(Stored data entries)

*****

(* Let $\mathcal{C}$ be a category and $\mathcal{W}$ a class of morphisms of $\mathcal{C}$ satisfying (L0) and (L1) below. Let $\mathcal{W}_L$ be the class of morphisms of $\mathcal{C}$ generated under composition by $\mathcal{W}$ together with all split monomorphisms of $\mathcal{C}$. Then for every $w'\in\mathcal{W}_L$ there exists a morphism $k$ of $\mathcal{C}$ with $\mathrm{dom}(k)=\mathrm{cod}(w')$ such that $kw'\in\mathcal{W}$. (L0): $\mathcal{W}$ contains all identity morphisms and is closed under composition. (L1): For every $w\in\mathcal{W}$ and every morphism $f$ with $\mathrm{dom}(f)=\mathrm{dom}(w)$ there exist $w'\in\mathcal{W}$ and a morphism $f'$ with $\mathrm{dom}(f')=\mathrm{cod}(w)$, $\mathrm{dom}(w')=\mathrm{cod}(f)$ and $\mathrm{cod}(f')=\mathrm{cod}(w')$ such that $w'f=f'w$.
   Context: A split monomorphism is a morphism $m$ that has a left inverse, i.e. a morphism $e$ with $em=\mathrm{id}_{\mathrm{dom}(m)}$. *)

Record Category := {
  Obj :> Type;
  Hom : Obj -> Obj -> Type;
  idm : forall a : Obj, Hom a a;
  comp : forall a b c : Obj, Hom b c -> Hom a b -> Hom a c;
    (* comp g f = g o f, i.e. "g f" in the paper *)
  comp_assoc : forall a b c d (h : Hom c d) (g : Hom b c) (f : Hom a b),
      comp a c d h (comp a b c g f) = comp a b d (comp b c d h g) f;
  comp_id_l : forall a b (f : Hom a b), comp a b b (idm b) f = f;
  comp_id_r : forall a b (f : Hom a b), comp a a b f (idm a) = f
}.

Arguments Hom {C} : rename.
Arguments idm {C} a : rename.
Arguments comp {C a b c} : rename.

Definition MorClass (C : Category) := forall a b : C, Hom a b -> Prop.

Definition split_mono {C : Category} {a b : C} (m : Hom a b) : Prop :=
  exists e : Hom b a, comp e m = idm a.

Definition L0 {C : Category} (W : MorClass C) : Prop :=
  (forall a : C, W a a (idm a)) /\
  (forall (a b c : C) (g : Hom b c) (f : Hom a b),
      W b c g -> W a b f -> W a c (comp g f)).

Definition L1 {C : Category} (W : MorClass C) : Prop :=
  forall (a b c : C) (w : Hom a b) (f : Hom a c),
    W a b w ->
    exists (d : C) (w' : Hom c d) (f' : Hom b d),
      W c d w' /\ comp w' f = comp f' w.

Inductive WL {C : Category} (W : MorClass C) : MorClass C :=
  | WL_W : forall (a b : C) (f : Hom a b), W a b f -> WL W a b f
  | WL_split : forall (a b : C) (f : Hom a b), split_mono f -> WL W a b f
  | WL_comp : forall (a b c : C) (g : Hom b c) (f : Hom a b),
      WL W b c g -> WL W a b f -> WL W a c (comp g f).

(** If [k2 g] and [k1 f] lie in [W], (L1) applied to [k2 g] and [k1] gives
    [u k1 = h (k2 g)] with [u] in [W]; then [(h k2) (g f) = u (k1 f)] is in [W]
    by (L0).  So the morphisms that can be completed into [W] by a left factor
    contain [W] and the split monos and are closed under composition. *)


Section LeftCompletion.

Variables (C : Category) (W : MorClass C).

Definition left_completable : MorClass C :=
  fun a b f => exists (c : C) (k : Hom b c), W a c (comp k f).

Lemma left_completable_W (a b : C) (f : Hom a b) :
  W a b f -> left_completable a b f.
Proof.
  intros Hf. exists b, (idm b). rewrite comp_id_l. exact Hf.
Qed.

Lemma left_completable_split_mono (a b : C) (m : Hom a b) :
  (forall x : C, W x x (idm x)) -> split_mono m -> left_completable a b m.
Proof.
  intros Hid [e He]. exists a, e. rewrite He. apply Hid.
Qed.

Lemma left_completable_comp (a b c : C) (g : Hom b c) (f : Hom a b) :
  L0 W -> L1 W ->
  left_completable b c g -> left_completable a b f ->
  left_completable a c (comp g f).
Proof.
  intros [_ Hcomp] HL1 [c2 [k2 Hk2]] [c1 [k1 Hk1]].
  destruct (HL1 _ _ _ (comp k2 g) k1 Hk2) as [d [u [h [Hu Hsq]]]].
  exists d, (comp h k2).
  assert (E : comp (comp h k2) (comp g f) = comp u (comp k1 f)).
  { rewrite (comp_assoc _ _ _ _ _ u k1 f), Hsq, !comp_assoc. reflexivity. }
  rewrite E. apply Hcomp; assumption.
Qed.

Lemma WL_left_completable (a b : C) (f : Hom a b) :
  L0 W -> L1 W -> WL W a b f -> left_completable a b f.
Proof.
  intros HL0 HL1 H.
  induction H as [a b f Hf | a b f Hf | a b c g f _ IHg _ IHf].
  - now apply left_completable_W.
  - now apply left_completable_split_mono; [apply HL0 |].
  - now apply left_completable_comp.
Qed.

End LeftCompletion.

Theorem mainTheorem1 (C : Category) (W : MorClass C) :
  L0 W -> L1 W ->
  forall (a b : C) (w' : Hom a b), WL W a b w' ->
    exists (c : C) (k : Hom b c), W a c (comp k w').
Proof.
  intros HL0 HL1 a b w' Hw'.
  exact (WL_left_completable C W a b w' HL0 HL1 Hw').
Qed.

*****

» ASSIGNMENT: Determine the number of lines in the data above that include the word "LeftCompletion", then answer with that number alone.

» SOLUTION TO THIS TASK: 2